Muito antes de ser conhecido como o “pai da economia moderna” e autor de A Riqueza das Nações (1776), Adam Smith publicou, em 1759, Teoria dos Sentimentos Morais, um tratado de filosofia moral que permanece como uma de suas obras mais importantes e profundas.

Nessa obra, Smith investiga os fundamentos do juízo moral, buscando entender o que motiva os seres humanos a agir de forma ética ou não, e como a sociedade regula essas ações através de normas não necessariamente legais, mas morais. O livro foi bem recebido em sua época e passou por várias revisões feitas pelo próprio autor, sinal de sua importância constante no pensamento de Smith.

A Teoria dos Sentimentos Morais antecipa e fundamenta muitas das ideias de sua obra posterior. Ao contrário do que o senso comum propaga — a imagem de um Smith puramente defensor do egoísmo racional — este livro mostra um pensador atento à complexidade das emoções humanas, às virtudes cívicas e à empatia como alicerce das relações sociais.


Sobre o autor:

Adam Smith (1723–1790) foi um filósofo moral escocês, figura central do Iluminismo escocês. Estudou na Universidade de Glasgow e na Universidade de Oxford. Foi professor de lógica e de filosofia moral em Glasgow, tendo se dedicado intensamente ao estudo de ética, jurisprudência, economia e filosofia política.

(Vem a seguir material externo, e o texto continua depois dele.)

(* Let $G$ be a group and $X \subseteq \mathbb{N}$. Then $\rho^{X}(G) = \mathrm{Tor}^{X}_{\omega}(G)$.
   Context: For a group $G$ and $X \subseteq \mathbb{N}$, the $X$-torsion of $G$ is $\mathrm{Tor}^{X}(G) := \{ g \in G \mid \exists n \in X \text{ with } g^{n} = e\}$, and $G$ is $X$-torsion-free if $\mathrm{Tor}^{X}(G) = \{e\}$. The $X$-torsion-free radical $\rho^{X}(G)$ is the intersection of all normal subgroups $N \trianglelefteq G$ such that $G/N$ is $X$-torsion-free. Define inductively $\mathrm{Tor}^{X}_{0}(G) := \{e\}$, $\mathrm{Tor}^{X}_{n+1}(G) := \langle\langle \{ g \in G \mid g\,\mathrm{Tor}^{X}_{n}(G) \in \mathrm{Tor}^{X}(G/\mathrm{Tor}^{X}_{n}(G))\} \rangle\rangle^{G}$ (normal closure in $G$), and $\mathrm{Tor}^{X}_{\omega}(G) := \bigcup_{n \in \mathbb{N}} \mathrm{Tor}^{X}_{n}(G)$. *)

Record Group := {
  carrier :> Type;
  gmul : carrier -> carrier -> carrier;
  gone : carrier;
  ginv : carrier -> carrier;
  gmulA : forall x y z, gmul x (gmul y z) = gmul (gmul x y) z;
  gmul1l : forall x, gmul gone x = x;
  gmul1r : forall x, gmul x gone = x;
  gmulVl : forall x, gmul (ginv x) x = gone;
  gmulVr : forall x, gmul x (ginv x) = gone
}.

Arguments gmul {G} : rename.
Arguments gone {G} : rename.
Arguments ginv {G} : rename.

Fixpoint gpow {G : Group} (g : G) (n : nat) : G :=
  match n with
  | O => gone
  | S k => gmul g (gpow g k)
  end.

Definition is_normal_subgroup {G : Group} (N : G -> Prop) : Prop :=
  N gone /\
  (forall x y, N x -> N y -> N (gmul x y)) /\
  (forall x, N x -> N (ginv x)) /\
  (forall x g, N x -> N (gmul (ginv g) (gmul x g))).

Definition normal_closure {G : Group} (S : G -> Prop) : G -> Prop :=
  fun g => forall N, is_normal_subgroup N -> (forall s, S s -> N s) -> N g.

Definition TorX (X : nat -> Prop) (G : Group) : G -> Prop :=
  fun g => exists n, X n /\ gpow g n = gone.

(* For a normal subgroup N, the coset gN lies in Tor^X(G/N) iff
   exists n in X with (gN)^n = N, i.e. g^n \in N.  This is the literal
   unfolding of torsion in the quotient group G/N. *)
Definition TorX_mod (X : nat -> Prop) {G : Group} (N : G -> Prop) : G -> Prop :=
  fun g => exists n, X n /\ N (gpow g n).

(* G/N is X-torsion-free: Tor^X(G/N) is trivial, i.e. every coset gN that is
   X-torsion equals N (i.e. g \in N). *)
Definition quotient_X_torsion_free (X : nat -> Prop) {G : Group} (N : G -> Prop) : Prop :=
  forall g, TorX_mod X N g -> N g.

Definition rhoX (X : nat -> Prop) (G : Group) : G -> Prop :=
  fun g => forall N, is_normal_subgroup N -> quotient_X_torsion_free X N -> N g.

Fixpoint TorX_n (X : nat -> Prop) (G : Group) (n : nat) : G -> Prop :=
  match n with
  | O => fun g => g = gone
  | S k => normal_closure (TorX_mod X (TorX_n X G k))
  end.

Definition TorX_omega (X : nat -> Prop) (G : Group) : G -> Prop :=
  fun g => exists n, TorX_n X G n g.

From Stdlib Require Import Lia.

(* Tor^X_omega is a normal subgroup, being the union of the increasing chain of normal
   subgroups Tor^X_n, and G / Tor^X_omega is X-torsion-free: if g^n lies in Tor^X_k then
   g lies in Tor^X_(k+1).  Hence rho^X(G) is contained in Tor^X_omega.  Conversely, if
   G/N is X-torsion-free then every generator of Tor^X_(k+1) lies in N as soon as
   Tor^X_k does, so by induction Tor^X_omega is contained in N. *)

Section NormalSubgroups.

Context {G : Group}.

Lemma normal_closure_normal (S : G -> Prop) : is_normal_subgroup (normal_closure S).
Proof.
  unfold normal_closure; split; [| split; [| split]].
  - intros N [N1 _] _; exact N1.
  - intros x y Hx Hy N HN HS; apply (proj1 (proj2 HN)); [apply Hx | apply Hy]; assumption.
  - intros x Hx N HN HS; apply (proj1 (proj2 (proj2 HN))), Hx; assumption.
  - intros x g Hx N HN HS; apply (proj2 (proj2 (proj2 HN))), Hx; assumption.
Qed.

Lemma normal_closure_sub (S : G -> Prop) (g : G) : S g -> normal_closure S g.
Proof. intros Hg N _ HS; auto. Qed.

Lemma normal_closure_min (S N : G -> Prop) :
  is_normal_subgroup N -> (forall s, S s -> N s) -> forall g, normal_closure S g -> N g.
Proof. intros HN HS g Hg; exact (Hg N HN HS). Qed.

Lemma normal_closure_mono (S T : G -> Prop) :
  (forall s, S s -> T s) -> forall g, normal_closure S g -> normal_closure T g.
Proof.
  intros HST; apply normal_closure_min; [apply normal_closure_normal |].
  intros s Hs; apply normal_closure_sub, HST, Hs.
Qed.

Lemma trivial_normal : is_normal_subgroup (fun g : G => g = gone).
Proof.
  split; [| split; [| split]]; intros; subst.
  - reflexivity.
  - apply gmul1l.
  - rewrite <- (gmul1l _ (ginv gone)); apply gmulVr.
  - rewrite gmul1l; apply gmulVl.
Qed.

Lemma chain_mono (N : nat -> G -> Prop) :
  (forall k g, N k g -> N (S k) g) -> forall k m g, k <= m -> N k g -> N m g.
Proof. intros HS k m g Hle; induction Hle; auto. Qed.

Lemma chain_union_normal (N : nat -> G -> Prop) :
  (forall k, is_normal_subgroup (N k)) -> (forall k g, N k g -> N (S k) g) ->
  is_normal_subgroup (fun g => exists k, N k g).
Proof.
  intros HN HS; split; [| split; [| split]].
  - exists 0; apply HN.
  - intros x y [a Ha] [b Hb]; exists (a + b).
    apply HN.
    + apply (chain_mono N HS a); [lia | exact Ha].
    + apply (chain_mono N HS b); [lia | exact Hb].
  - intros x [a Ha]; exists a; apply HN; exact Ha.
  - intros x g [a Ha]; exists a; apply HN; exact Ha.
Qed.

End NormalSubgroups.

Lemma TorX_mod_mono (X : nat -> Prop) {G : Group} (N M : G -> Prop) :
  (forall g, N g -> M g) -> forall g, TorX_mod X N g -> TorX_mod X M g.
Proof. intros HNM g [n [Hn Hg]]; exists n; auto. Qed.

Section TorsionSeries.

Variables (X : nat -> Prop) (G : Group).

Lemma TorX_n_normal (k : nat) : is_normal_subgroup (TorX_n X G k).
Proof. destruct k; [apply trivial_normal | apply normal_closure_normal]. Qed.

Lemma TorX_n_succ (k : nat) (g : G) : TorX_n X G k g -> TorX_n X G (S k) g.
Proof.
  revert g; induction k as [| k IH]; intros g Hg.
  - simpl in Hg; subst g; apply TorX_n_normal.
  - exact (normal_closure_mono _ _ (TorX_mod_mono X _ _ IH) g Hg).
Qed.

Lemma TorX_omega_normal : is_normal_subgroup (TorX_omega X G).
Proof. exact (chain_union_normal _ TorX_n_normal TorX_n_succ). Qed.

Lemma quotient_TorX_omega_torsion_free : quotient_X_torsion_free X (TorX_omega X G).
Proof.
  intros g [n [Hn [k Hk]]]; exists (S k).
  apply normal_closure_sub; exists n; auto.
Qed.

Lemma TorX_n_subset_torsion_free_kernel (N : G -> Prop) :
  is_normal_subgroup N -> quotient_X_torsion_free X N ->
  forall k g, TorX_n X G k g -> N g.
Proof.
  intros HN HTF k; induction k as [| k IH]; intros g Hg.
  - simpl in Hg; subst g; apply HN.
  - apply (normal_closure_min _ _ HN) with (2 := Hg).
    intros s Hs; apply HTF; exact (TorX_mod_mono X _ _ IH s Hs).
Qed.

End TorsionSeries.

Theorem proposition2p3 (G : Group) (X : nat -> Prop) :
  forall g : G, rhoX X G g <-> TorX_omega X G g.
Proof.
  intros g; split.
  - intros Hg; apply Hg.
    + apply TorX_omega_normal.
    + apply quotient_TorX_omega_torsion_free.
  - intros [k Hk] N HN HTF.
    exact (TorX_n_subset_torsion_free_kernel X G N HN HTF k g Hk).
Qed.
(** The vertices of [s] form a path from the root (the head of [s]) down to
    [path_end], below which hangs the tree [bot] on [B]. *)
Definition path_over (bot : T -> option T) : ptree T :=
  [ffun z => if z \in s then (if index z s is i.+1 then Some (nth z s i) else None) else bot z].

Lemma path_overE bot z : path_over bot z =
  if z \in s then (if index z s is i.+1 then Some (nth z s i) else None) else bot z.
Proof. by rewrite ffunE. Qed.

Lemma path_over_B bot z : z \in B -> path_over bot z = bot z.
Proof. by move=> zB; rewrite path_overE mem_s zB. Qed.

Lemma path_over_s bot z w : z \in s -> path_over bot z = Some w -> w \in s.
Proof.
rewrite path_overE => zs; rewrite zs; case E: (index z s) => [|i] // [<-]; apply: mem_nth.
by have := index_mem z s; rewrite zs E => /ltnW.
Qed.

Lemma path_end_B x : x \in B -> path_end != Some x.
Proof.
move=> xB; rewrite /path_end; case: s mem_s => [|y s'] // Hs; apply/eqP => -[Ex].
by have := mem_last y s'; rewrite Ex Hs xB.
Qed.

Lemma path_over_stree bot b : b \in B -> bot b = path_end ->
  is_stree e (path_over bot) B b -> is_search_tree e (path_over bot).
Proof.
move=> bB botb HstB; pose S i := [set z | (z \in drop i s) || (z \in B)].
have S_conn i : connected_in e (S i).
  by apply: (connected_in_univ esym k_univ); rewrite !inE kB orbT.
have Hall i : i <= size s -> is_stree e (path_over bot) (S i) (nth b s i).
  have [n] := ubnP (size s - i); elim: n i => // n IH i Hn Hi.
  case: (ltnP i (size s)) => Hi'; last first.
    have -> : i = size s by apply/eqP; rewrite eqn_leq Hi Hi'.
    rewrite nth_default //; suff -> : S (size s) = B by [].
    by apply/setP => z; rewrite !inE drop_size.
  have Hd := drop_nth b Hi'.
  have rB : nth b s i \notin B by rewrite -mem_s mem_nth.
  have ES : S i :\ nth b s i = S i.+1.
    apply/setP => z; rewrite !inE Hd inE; case: (eqVneq z (nth b s i)) => [->|zr] //=.
    by move: (drop_uniq i s_uniq); rewrite Hd /= => /andP [/negbTE -> _]; rewrite (negbTE rB).
  apply: (stree_step (c := nth b s i.+1)); rewrite ?ES //; first by rewrite !inE Hd inE eqxx.
  - rewrite !inE; case: (ltnP i.+1 (size s)) => H; first by rewrite (drop_nth b H) inE eqxx.
    by rewrite nth_default // bB orbT.
  - rewrite path_overE; case: (ltnP i.+1 (size s)) => H.
      by rewrite mem_nth // index_uniq //; congr Some; exact: set_nth_default.
    have Ei : i.+1 = size s by apply/eqP; rewrite eqn_leq H Hi'.
    rewrite nth_default ?Ei // mem_s bB botb /path_end; move: Ei; case: s => [|y s'] //= [->].
    by rewrite (nth_last b (y :: s')).
  - by apply: IH; lia.
exists (nth b s 0); split.
  rewrite path_overE; case E: s => [|y s'] /=; first by move: botb; rewrite /path_end E.
  by rewrite inE eqxx.
suff -> : [set: T] = S 0 by exact: Hall.
by apply/setP => z; rewrite !inE drop0 mem_s; case: (z \in B).
Qed.

Lemma subtree_path_over_leaf bot x : x \in B -> (forall z, z \in B -> bot z != Some x) ->
  subtree (path_over bot) x = [set x].
Proof.
move=> xB Hx; apply: subtree_leaf => y; case: (boolP (y \in s)) => ys.
  by apply/eqP => /(path_over_s ys); rewrite mem_s xB.
by rewrite path_over_B ?Hx // -[y \in B]negbK -mem_s.
Qed.

Lemma rotate_path_over bot1 bot2 u v : u \in B -> v \in B ->
  (forall z, z \in B -> rotate e (path_over bot1) u v z = bot2 z) ->
  rotate e (path_over bot1) u v = path_over bot2.
Proof.
move=> uB vB HB; apply/ffunP => z; case: (boolP (z \in s)) => zs; last first.
  by rewrite HB ?path_over_B // -[z \in B]negbK -mem_s.
have notB x : x \in B -> z != x by move=> xB; apply: contraTneq zs => ->; rewrite mem_s xB.
have zv : path_over bot1 z != Some v by apply/eqP => /(path_over_s zs); rewrite mem_s vB.
by rewrite rotate_other ?notB // !path_overE zs.
Qed.

End PathOver.

Lemma exists_in_set1 (T : finType) (x : T) (P : pred T) : [exists y in [set x], P y] = P x.
Proof. by apply/exists_inP/idP => [[y /set1P -> //]|Px]; exists x; rewrite ?inE. Qed.

Lemma lt2_neq_neq x y z : x < 2 -> y < 2 -> z < 2 -> x != y -> y != z -> x = z.
Proof. by case: x => [|[|//]]; case: y => [|[|//]]; case: z => [|[|//]]. Qed.

Section Pentagon.
Variables (T : finType) (e : rel T) (a c k : T).
Hypothesis esym : symmetric e.
Hypothesis eirr : irreflexive e.
Hypothesis k_univ : forall y, y != k -> e k y.
Hypothesis ac : a != c.
Hypothesis nac : ~~ e a c.

Let ak : a != k.
Proof. by apply: contraNneq nac => Eak; rewrite Eak k_univ // -Eak eq_sym. Qed.
Let ck : c != k.
Proof. by apply: contraNneq nac => Eck; rewrite Eck esym k_univ // -Eck. Qed.

Let B := [set a; k; c].
Let s := [seq z <- enum T | z \notin B].
Let s_uniq : uniq s. Proof. by rewrite filter_uniq // enum_uniq. Qed.
Let mem_s z : (z \in s) = (z \notin B). Proof. by rewrite mem_filter mem_enum andbT. Qed.
Let aB : a \in B. Proof. by rewrite !inE eqxx. Qed.
Let kB : k \in B. Proof. by rewrite !inE eqxx orbT. Qed.
Let cB : c \in B. Proof. by rewrite !inE eqxx !orbT. Qed.

Let B_neq := (negbTE ak, negbTE ck, negbTE ac, eq_sym k a, eq_sym k c, eq_sym c a,
  negbTE (path_end_B mem_s aB), negbTE (path_end_B mem_s kB), negbTE (path_end_B mem_s cB)).

Let B_cases z : z \in B -> [\/ z = a, z = k | z = c].
Proof. by rewrite !inE => /orP [/orP [] | ] /eqP ->; [apply: Or31 | apply: Or32 | apply: Or33]. Qed.

(** On [B], [chain x1 x2] is the path [x1 - x2 - (third vertex)]. *)
Definition chain_bot (x1 x2 z : T) : option T :=
  if z == x1 then path_end s else if z == x2 then Some x1 else Some x2.
Definition chain (x1 x2 : T) : ptree T := path_over s (chain_bot x1 x2).
Definition star_bot z : option T := if z == k then path_end s else Some k.
Definition star : ptree T := path_over s star_bot.

Local Ltac simp_B := do 2 rewrite /chain_bot /star_bot /= ?(inj_eq Some_inj) ?eqxx ?B_neq /=.

Lemma chain_stree x1 x2 x3 : [set x1; x2; x3] = B -> uniq [:: x1; x2; x3] -> e x2 x3 ->
  is_search_tree e (chain x1 x2).
Proof.
move=> EB U e23; move: (U); rewrite /= !inE negb_or => /andP [/andP [n12 n13] /andP [n23 _]].
have x1B : x1 \in B by rewrite -EB !inE eqxx.
have x2B : x2 \in B by rewrite -EB !inE eqxx orbT.
have x3B : x3 \in B by rewrite -EB !inE eqxx !orbT.
have D1 : B :\ x1 = [set x2; x3].
  apply/setP => z; rewrite -EB !inE.
  by case: (eqVneq z x1) => [->|]; rewrite ?(negbTE n12) ?(negbTE n13).
have D2 : [set x2; x3] :\ x2 = [set x3].
  by apply/setP => z; rewrite !inE; case: (eqVneq z x2) => [->|]; rewrite ?(negbTE n23).
apply: (path_over_stree esym k_univ s_uniq mem_s kB x1B); first by rewrite /chain_bot eqxx.
apply: (stree_step (c := x2) x1B); rewrite ?D1.
- exact: (connected_in_univ esym k_univ kB).
- exact: connected_in_pair.
- by rewrite !inE eqxx.
- by rewrite (path_over_B mem_s) // /chain_bot eq_sym (negbTE n12) eqxx.
apply: (stree_step (c := x3)); rewrite ?D2.
- by rewrite !inE eqxx.
- exact: connected_in_pair.
- exact: connected_in_set1.
- by rewrite !inE eqxx.
- by rewrite (path_over_B mem_s) // /chain_bot eq_sym (negbTE n13) eq_sym (negbTE n23).
- exact: stree_leaf.
Qed.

Além da Teoria dos Sentimentos Morais, sua obra mais conhecida é A Riqueza das Nações, marco inaugural da economia clássica. No entanto, Smith sempre se considerou, antes de tudo, um filósofo moral, e sua preocupação com a virtude e o convívio social nunca foi abandonada.


Estrutura da obra

A obra é dividida em sete partes, cada uma tratando de aspectos distintos da moralidade:

  1. Do juízo que fazemos sobre a conduta dos outros
  2. Do juízo que fazemos sobre a nossa própria conduta
  3. Do fundamento do juízo moral
  4. Do mérito e do demérito: ou da objeção e da recompensa
  5. Do caráter das virtudes
  6. Da influência da fortuna sobre os sentimentos morais
  7. Da influência dos sistemas filosóficos sobre o senso moral

Essa estrutura reflete a complexidade do tema abordado, mas Smith utiliza uma linguagem clara (para sua época), com muitos exemplos do cotidiano e analogias que facilitam a compreensão, mesmo tratando de temas abstratos.


Ideias centrais

Simpatia como base do juízo moral

O conceito-chave da obra é a simpatia, termo que hoje se aproximaria da ideia de empatia. Para Smith, os seres humanos não julgam as ações como boas ou más de maneira isolada, mas sim pela capacidade de se colocar no lugar do outro, imaginar o que ele sente e avaliar se sua própria reação seria semelhante.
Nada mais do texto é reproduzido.